A new V for Big Data: Visitor
About an hour after I wrote my most recent post, What does it take to qualify as 'Big Data'? about the multiple Vs of Big Data. As you can imagine, I had words that start with the letter 'V' bouncing around in my head. Then it hit me: another V word for Big Data is Visitor.
For years, I've been writing about the importance of context in search - basically data about the search user. Without context, we can show some basic full-text search results. With context, we try to get into the user's head and understand what the search terms mean to him or her.

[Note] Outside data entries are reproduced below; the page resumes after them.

Theorem lemma3 (R : realType) (n : nat) (h : R -> 'rV[R]_n -> R)
  (K : set 'rV[R]_n) :
  {within [set z : R * 'rV[R]_n | 0 <= z.1], continuous (fun z => h z.1 z.2)} ->
  (forall t x, 0 <= t -> 0 <= h t x) ->
  closed K ->
  (forall t x, 0 <= t -> (h t x = 0 <-> K x)) ->
  (forall x t s, 0 <= t -> t <= s -> h s x <= h t x) ->
  forall I : set 'rV[R]_n, compact I -> I `&` K = set0 ->
  exists g : R -> 'rV[R]_n -> R,
    [/\ {within [set z : R * 'rV[R]_n | 0 <= z.1 /\ I z.2],
          continuous (fun z => g z.1 z.2)},
        (forall t x, 0 <= t -> I x -> 0 <= g t x),
        C1_on [set z : R * 'rV[R]_n | 0 <= z.1 /\ I° z.2] (fun z => g z.1 z.2),
        (forall t x, 0 <= t -> I x -> h t x / 2 <= g t x /\ g t x <= 2 * h t x) &
        (forall x t s, I x -> 0 <= t -> t <= s -> g s x <= g t x)].
Proof.
move=> hc h0 _ hK hmono I cI IK.
have hpos t x : 0 <= t -> I x -> 0 < h t x.
  move=> t0 Ix; rewrite lt0r h0 // andbT; apply/eqP => /(hK t x t0) Kx.
  by have : (I `&` K) x by []; rewrite IK.
have [P [P_C1 P_bounds]] := exists_C1_slice_approx hc hpos cI.
have [N [N_gt0 N_mesh]] := exists_time_mesh hc hpos cI.
have bounds := smooth_h_bounds hmono hpos P_bounds N_gt0 N_mesh.
have gC1 := C1_smooth_h P_C1 N_gt0.
exists (smooth_h P N); split.
- by apply: continuous_subspaceT => z; exact: C1_continuous gC1 z.
- by move=> t x t0 Ix; have /andP[+ _] := bounds t x t0 Ix; have := h0 t x t0; lra.
- exact: C1_on_C1.
- by move=> t x t0 Ix; apply/andP; exact: bounds.
- by move=> x t s Ix t0 ts; exact: (smooth_h_anti hmono hpos P_bounds N_gt0 Ix t0 ts).
Qed.
(* Let $r>0$ and let $L$ range over those integers for which $N=rL$ is an integer. Let $\nu_L$ be the (unique) stationary distribution of the RBB process with $L$ bins and $N=rL$ balls, and let $\eta^L\sim\nu_L$. Assume that $(\nu_L)$ is chaotic, i.e. there is a probability measure $\mu$ on $\mathbb{Z}_+$ such that for every $n\in\mathbb{N}$ the law of $(\eta^L_1,\dots,\eta^L_n)$ converges weakly to $\mu^{\otimes n}$ as $L\to\infty$. Then $\mu=\pi_{\rho_r}$, where $\rho_r=1+r-\sqrt{1+r^2}$.
   Context: RBB process with $L$ bins: Markov chain on $\mathbb{Z}_+^L$; with $w(\eta):=(\mathbf{1}(\eta_1>0),\dots,\mathbf{1}(\eta_L>0))$ and $K(\eta):=\sum_j\mathbf{1}(\eta_j>0)$, from state $\eta$ the next state is $\eta-w(\eta)+B(\eta)$ where $B(\eta)$ is multinomial with $K(\eta)$ trials and cell probabilities $(1/L,\dots,1/L)$. It conserves the total number of balls and, restricted to configurations with $N$ balls, is an ergodic finite Markov chain. The M/D/1 queue with arrival rate $\rho\ge0$ is the Markov chain on $\mathbb{Z}_+$ given by $\zeta(t+1):=\zeta(t)-\mathbf{1}(\zeta(t)>0)+M_{t+1}$ with $(M_t)_{t\ge1}$ i.i.d. Poisson of mean $\rho$; for $\rho\in[0,1)$, $\pi_\rho$ denotes its invariant probability measure. *)

From Stdlib Require Import Reals Lra Lia Arith List Bool.
Import ListNotations.
Open Scope R_scope.

Definition ind_pos (x : nat) : nat := if Nat.eqb x 0 then 0%nat else 1%nat.

Definition nsum (l : list nat) : nat := fold_right Nat.add 0%nat l.
Definition Rsum_list (l : list R) : R := fold_right Rplus 0 l.
Definition Rprod_list (l : list R) : R := fold_right Rmult 1 l.

Definition Kocc (eta : list nat) : nat := nsum (map ind_pos eta).

Fixpoint configs (L N : nat) : list (list nat) :=
  match L with
  | O => if Nat.eqb N 0 then [[]] else []
  | S L' => flat_map (fun k => map (cons k) (configs L' (N - k))) (seq 0 (S N))
  end.
Lemma minimal_prime_in (Ps : list (R -> Prop)) P :
  (forall Q, List.In Q Ps -> prime_ideal Q) ->
  (forall x, (forall Q, List.In Q Ps -> Q x) -> exists n, x ^+ n = 0) ->
  minimal_prime P -> List.In P Ps.
Proof.
move=> Ps_prime Ps_nil [P_prime P_min].
suff [Q [Q_in QP]] : exists Q, List.In Q Ps /\ forall x, Q x -> P x.
  suff -> : P = Q by [].
  apply: functional_extensionality => x; apply: propositional_extensionality.
  by split; [apply: P_min Q (Ps_prime Q Q_in) QP x | apply: QP].
apply: NNPP => none.
have [w [Pw w_in]] : exists w, ~ P w /\ forall Q, List.In Q Ps -> True -> Q w.
  apply: (prime_avoid_prod (C := fun _ => True)) => // Q Q_in _.
  split; first by case: (Ps_prime Q Q_in).
  apply: NNPP => QP; apply: none; exists Q; split=> // x Qx.
  by apply: NNPP => Px; apply: QP; exists x.
have [n wn0] := Ps_nil w (fun Q Q_in => w_in Q Q_in I).
by apply/Pw/(prime_ideal_expr (n := n) P_prime); rewrite wn0; case: P_prime => [[]].
Qed.

Lemma minimal_primes_avoid (Qs : list (R -> Prop)) J : is_ideal J ->
  (forall P, minimal_prime P -> exists y, J y /\ ~ P y) ->
  exists x, J x /\ forall Q, List.In Q Qs -> minimal_prime Q -> ~ Q x.
Proof.
move=> J_ideal J_avoids; elim: Qs => [|Q Qs [x [Jx x_avoids]]].
  by exists 0; split=> //; apply: ideal0.
have [[Q_min Qx]|not_Qx] := classic (minimal_prime Q /\ Q x); last first.
  by exists x; split=> // Q' [<-|/x_avoids] // Q_min Qx; apply: not_Qx.
have [[Q_ideal _ Q_prime] Q_least] := Q_min.
(* As x lies in Q but in no minimal Q' of Qs, no such Q' is contained in Q; so
   some w outside Q lies in all of them, and x + w z works for z in J \ Q. *)
have [w [Qw w_in]] :
    exists w, ~ Q w /\ forall Q', List.In Q' Qs -> minimal_prime Q' -> Q' w.
  apply: (prime_avoid_prod (C := @minimal_prime R)) => [|Q' Q'_in Q'_min].
    exact: Q_min.1.
  split; first by case: Q'_min.1.
  apply: NNPP => Q'Q; apply: (x_avoids Q' Q'_in Q'_min).
  apply: (Q_least Q' Q'_min.1) => // y Q'y.
  by apply: NNPP => Qy; apply: Q'Q; exists y.
have [z [Jz Qz]] := J_avoids Q Q_min.
exists (x + w * z); split; first by apply: idealD => //; apply: idealM.
move=> Q' [<-|Q'_in] Q'_min Q'xwz.
- have : Q (w * z).
    by rewrite -(addKr x (w * z)); apply: idealD Q_ideal (idealN Q_ideal Qx) Q'xwz.
  by move=> /Q_prime[].
- have [[Q'_ideal _ _] _] := Q'_min.
  have Q'wz : Q' (w * z) by rewrite mulrC; apply: (idealM _ Q'_ideal); apply: w_in.
  apply: (x_avoids Q' Q'_in Q'_min).
  by rewrite -(addrK (w * z) x); apply: idealD Q'_ideal Q'xwz (idealN Q'_ideal Q'wz).
Qed.

Lemma Rcirc_mem_ht_pos J : noetherian R -> is_ideal J -> ht_pos J ->
  exists x, J x /\ Rcirc x.
Proof.
move=> noethR J_ideal J_ht.
have [Ps [Ps_prime Ps_nil]] := nilradical_prime_cover noethR.
have J_avoids P : minimal_prime P -> exists y, J y /\ ~ P y.
  move=> [P_prime P_min]; apply: NNPP => JP.
  have JsubP y : J y -> P y by move=> Jy; apply: NNPP => Py; apply: JP; exists y.
  have [Q [Q_prime QP [x [Px Qx]]]] := J_ht P P_prime JsubP.
  exact: Qx (P_min Q Q_prime QP x Px).
have [x [Jx x_avoids]] := minimal_primes_avoid Ps J_ideal J_avoids.
exists x; split=> // P P_min.
exact: x_avoids P (minimal_prime_in Ps_prime Ps_nil P_min) P_min.
Qed.

Lemma Rcirc_ht_pos b (c : R) : b c -> Rcirc c -> ht_pos b.
Proof.
move=> bc Rc P P_prime bP; apply: NNPP => P_low.
apply: (Rc P) (bP c bc); split=> // Q Q_prime QP x Px.
by apply: NNPP => Qx; apply: P_low; exists Q; split=> //; exists x.
Qed.

End Noetherian.

Theorem theorem2p7 (R : comNzRingType) (p : nat) (c : R) (w0 : nat) :
  prime p -> p \in [pchar R] -> noetherian R -> weak_test_element p w0 c ->
  ((forall g, @Usub R p g <-> ann_G p (fun n r => exists s, r = s * c) g)
     /\ special_ann p (@Usub R p))
  /\
  (forall b : R -> Prop, grann_is p (@Usub R p) b ->
     [/\ IG p b, ht_pos b &
         forall b', IG p b' -> ht_pos b' -> forall x, b x -> b' x]).
Proof.
move=> _ pcharRp noethR c_test; split.
  by split; [exact: (Usub_ann pcharRp c_test) | exact: (Usub_special pcharRp c_test)].
move=> b grann_b; have b_c := grann_Usub_test pcharRp c_test grann_b.
split.
- split; first exact: grann_is_ideal grann_b.
  by exists (@Usub R p); split=> //; apply: Usub_submodule.
- exact: Rcirc_ht_pos b_c c_test.1.
- move=> b' [b'_ideal [N [N_sub grann_b']]] ht_b'.
  have [d [b'_d Rd]] := Rcirc_mem_ht_pos noethR b'_ideal ht_b'.
  have NU := submodule_sub_Usub pcharRp c_test N_sub grann_b' b'_d Rd.
  exact: grann_is_anti NU grann_b grann_b'.
Qed.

On the Internet, this usually means the physical location of the user IP address, previous searches he/she may have done, or products the searcher browsed. (Aside: Just last week, I was on Amazon looking for an adapter that would let me convert my desk so i could work standing up rather than sitting down. A few days later, I searched Google for a news story I had seen. One of the ads that showed up on the results? An ad from Amazon for a stand up desk adaptor. Now that's what I mean by 'context'!)
Inside the organization, user context might include things like the user's department, physical location, job title, native language, or product specialty. And if you want to do search right, you need to start finding a way to use that context.
And as I was thinking about V words.. Visitor came to mind. Whether you call it context, signals, search and browse history or just environment, all of this is critical to successful implementation of enterprise search. This is true whether you are searching big data or your SharePoint repository. And as far as most search platforms go, you still have to do it yourself.